Mais gráficos para conhecer melhor o cinema em Portugal
As pessoas em Portugal vão pouco ao cinema, mas será porque não querem ou porque não podem? Continuamos o retrato do cinema em Portugal, com foco no acesso.
Em média, cada pessoa em Portugal vai ao cinema menos de duas vezes por ano, mas talvez seja injusto assumir um desinteresse generalizado da população pela sétima arte. Ir ao cinema pressupõe algum rendimento disponível: um bilhete de cinema na cadeia com mais salas em Portugal custa mais de 1% do salário mínimo nacional (cerca de um quinto da população ativa recebe o SMN). Além disso, não é possível ir ao cinema se ele não existir e talvez seja esse o maior obstáculo. Os dados do Instituto do Cinema e Audiovisual (ICA) indicam que existem 541 ecrãs de cinema em Portugal, mas 63% concentram-se em apenas vinte concelhos.

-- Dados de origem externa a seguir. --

Lemma flag_face (P : pred T) i s :
  all P s && is_flag le s -> all P (face i s) && is_flag le (face i s).
Proof.
case/andP => H1 H2; apply/andP; split.
  by apply/allP => x /mem_face; apply: (allP H1).
by apply: sub_is_flag H2 => x; apply: mem_face.
Qed.

Lemma is_flag_max s : transitive le -> is_flag le s -> s != [::] ->
  exists2 m, m \in s & all (fun y => le y m) s.
Proof.
move=> tr; elim: s => [|x s IH] // fl _.
have [fs ax] := is_flag_consE fl.
have lxx : le x x by move: fl => /allP /(_ x (mem_head _ _)) /= /andP[/orP[]].
have [->|sn] := altP (s =P [::]); first by exists x; rewrite ?mem_head //= lxx.
have [m ms am] := IH fs sn.
have /orP[lxm|lmx] := allP ax m ms.
  by exists m; rewrite ?inE ?ms ?orbT //= lxm.
exists x; first exact: mem_head.
by rewrite /= lxx /=; apply/allP => y ys; apply: tr (allP am y ys) lmx.
Qed.

End Flags.

Lemma is_flag_map (T U : eqType) (le : rel T) (le' : rel U) (f : T -> U) s :
  {homo f : x y / le x y >-> le' x y} -> is_flag le s -> is_flag le' (map f s).
Proof.
move=> H /allP fl; apply/allP => _ /mapP[x xs ->]; apply/allP => _ /mapP[y ys ->].
by have /allP /(_ y ys) /orP[/H->|/H->] := fl x xs; rewrite ?orbT.
Qed.

Section SubdivisionChain.
Variables (X Y : eqType) (b : seq X -> Y).

Fixpoint sdc_rec (k : nat) (s : seq X) : chain Y :=
  if k is k'.+1 then (if s is [::] then [:: (1, [::])]
                      else cone (b s) (lin (sdc_rec k') (bd_simplex s)))
  else [:: (1, [::])].

(* sd s = b s * sd (bd s); the fuel k = size s makes the recursion structural. *)
Definition sdc s := sdc_rec (size s) s.

Lemma sdc_cons x s : sdc (x :: s) = cone (b (x :: s)) (lin sdc (bd_simplex (x :: s))).
Proof.
rewrite /sdc /=; congr cone; apply: eq_in_lin => y /mem_bd_simplex [i Hi ->].
by rewrite /sdc size_face.
Qed.

Lemma pairing_bd_sdc s g : pairing (bd (sdc s)) g = cobd (fun f => pairing (sdc f) g) s.
Proof.
move: {2}(size s) (erefl (size s)) => k; elim: k s g => [|k IH] [|x s] g //=.
  by rewrite pairing_bd pairing1 /cobd !big_nil.
move=> [Hk]; rewrite sdc_cons pairing_bd_cone pairing_lin pairing_bd_simplex.
rewrite [pairing (bd _) _]pairing_bd pairing_lin pairing_bd_simplex.
set h := fun u => g (b (x :: s) :: u).
rewrite (@eq_cobd_face _ (fun f => pairing (sdc f) (cobd h))
                         (cobd (fun f => pairing (sdc f) h))).
  by rewrite cobd_cobd subr0.
by move=> i Hi; rewrite -pairing_bd IH // size_face //= Hk.
Qed.

Variables (P : pred (seq X)) (le : rel Y) (good : pred Y).
Hypotheses (P_face : forall s i, P s -> P (face i s))
  (le_refl : reflexive le) (le_trans : transitive le)
  (b_mono : forall s i, P s -> (i < size s)%N -> face i s != [::] ->
              le (b (face i s)) (b s))
  (b_good : forall s, P s -> s != [::] -> good (b s)).

Definition sdc_cell s u := [&& size u == size s, is_flag le u,
  all (fun y => le y (b s)) u & all good u].
(* In the unknown-network setting, both the random dictatorship mechanism $g^{R}$ and the duples mechanism $g^{D}$ are valid and DSIC.
   Context: Let $V=\{1,\dots,n\}$, $n\ge2$. A relationship network assigns to every unordered pair of distinct agents one of the symmetric relations friends, enemies, impartial. Preferences: fix $w_f,w_e>0$; an agent $i$ with friend set $F$ and enemy set $E$ ranks $p,p'\in[0,1]^V$ by $p\succ p'$ iff $p_i>p'_i$, or $p_i=p'_i$ and $w_f\sum_{j\in F}(p_j-p'_j)-w_e\sum_{j\in E}(p_j-p'_j)>0$; $p\succsim p'$ means not $p'\succ p$. Unknown-network setting: agent $i$'s type set $\Theta_i$ is the set of triples $m_i=(N_i,F_i,E_i)$ with $N_i\subseteq V$ and $F_i,E_i$ disjoint subsets of $V\setminus\{i\}$; set $I_i=V\setminus(\{i\}\cup F_i\cup E_i)$. A mechanism $g:\prod_i\Theta_i\to[0,1]^V$ is valid if $\sum_ig_i(\mathbf m)\le1$ always, and DSIC if for all $i$, $\mathbf m$, $m'_i$: $g(\mathbf m)\succsim_{m_i}g(m'_i,\mathbf m_{-i})$, where $\succsim_{m_i}$ is the preference of $i$ with the friend and enemy sets in $m_i$. Random dictatorship: for agent $j$ define the choice set $C_j(\mathbf m)$ as: if $F_j\ne\varnothing$, $C_j=F_j\cap N_j$ if this is nonempty, else $C_j=F_j$; if $F_j=\varnothing\ne I_j$, $C_j=I_j\cap N_j$ if nonempty, else $C_j=I_j$; if $F_j=I_j=\varnothing$, $C_j=E_j\cap N_j$ if nonempty, else $C_j=E_j$. Let $g^R_{i|j}(\mathbf m)=1/|C_j(\mathbf m)|$ if $i\in C_j(\mathbf m)$ and $0$ otherwise, and $g^R_i(\mathbf m)=\frac1n\sum_{j\in V\setminus\{i\}}g^R_{i|j}(\mathbf m)$. Duples: for an agent $l$ and $j\in V\setminus\{l\}$ let $\mathrm{lev}_l(j)=1,2,3,4,5,6$ according as $j\in F_l\cap N_l$, $F_l\setminus N_l$, $I_l\cap N_l$, $I_l\setminus N_l$, $E_l\cap N_l$, $E_l\setminus N_l$ (using $l$'s report). For distinct $j,k$, agent $l\notin\{j,k\}$ votes for $j$ against $k$ if $\mathrm{lev}_l(j)<\mathrm{lev}_l(k)$ (and abstains if equal). Let $x_{jk}(\mathbf m)$ be the number of agents voting for $j$ against $k$. Set $g^D_j(\{j,k\},\mathbf m)=1,\tfrac12,0$ according as $x_{jk}>x_{kj}$, $x_{jk}=x_{kj}$, $x_{jk}<x_{kj}$, and $g^D_k(\{j,k\},\mathbf m)=1-g^D_j(\{j,k\},\mathbf m)$. Then $g^D_i(\mathbf m)=\frac{2}{n(n-1)}\sum_{j\in V\setminus\{i\}}g^D_i(\{i,j\},\mathbf m)$. *)

From mathcomp Require Import all_boot all_order all_algebra.
Set Implicit Arguments. Unset Strict Implicit. Unset Printing Implicit Defensive.
Import Order.TTheory GRing.Theory Num.Theory.
Local Open Scope ring_scope.

Section Defs.
Variable n : nat.
Notation agent := 'I_n.

Definition report := ({set agent} * {set agent} * {set agent})%type.
Definition rN (m : report) : {set agent} := m.1.1.
Definition rF (m : report) : {set agent} := m.1.2.
Definition rE (m : report) : {set agent} := m.2.
Definition rI (i : agent) (m : report) : {set agent} := ~: (i |: (rF m :|: rE m)).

Para lá das grandes cadeias de salas de cinema, existem outros dois importantes focos de divulgação da sétima arte em Portugal: os festivais e os cineclubes. Apesar de a crise do início da década passada também se ter feito sentir nos festivais, a descida no número de espectadores destes eventos não foi tão acentuada como nas salas habituais. Entre 2010 e 2019, os festivais levaram cinema a mais de 250 mil pessoas por ano. Em 2011, 2012 e 2018, a marca ultrapassou os 280 mil. Mas o alcance dos festivais não se traduz necessariamente em democratização no acesso.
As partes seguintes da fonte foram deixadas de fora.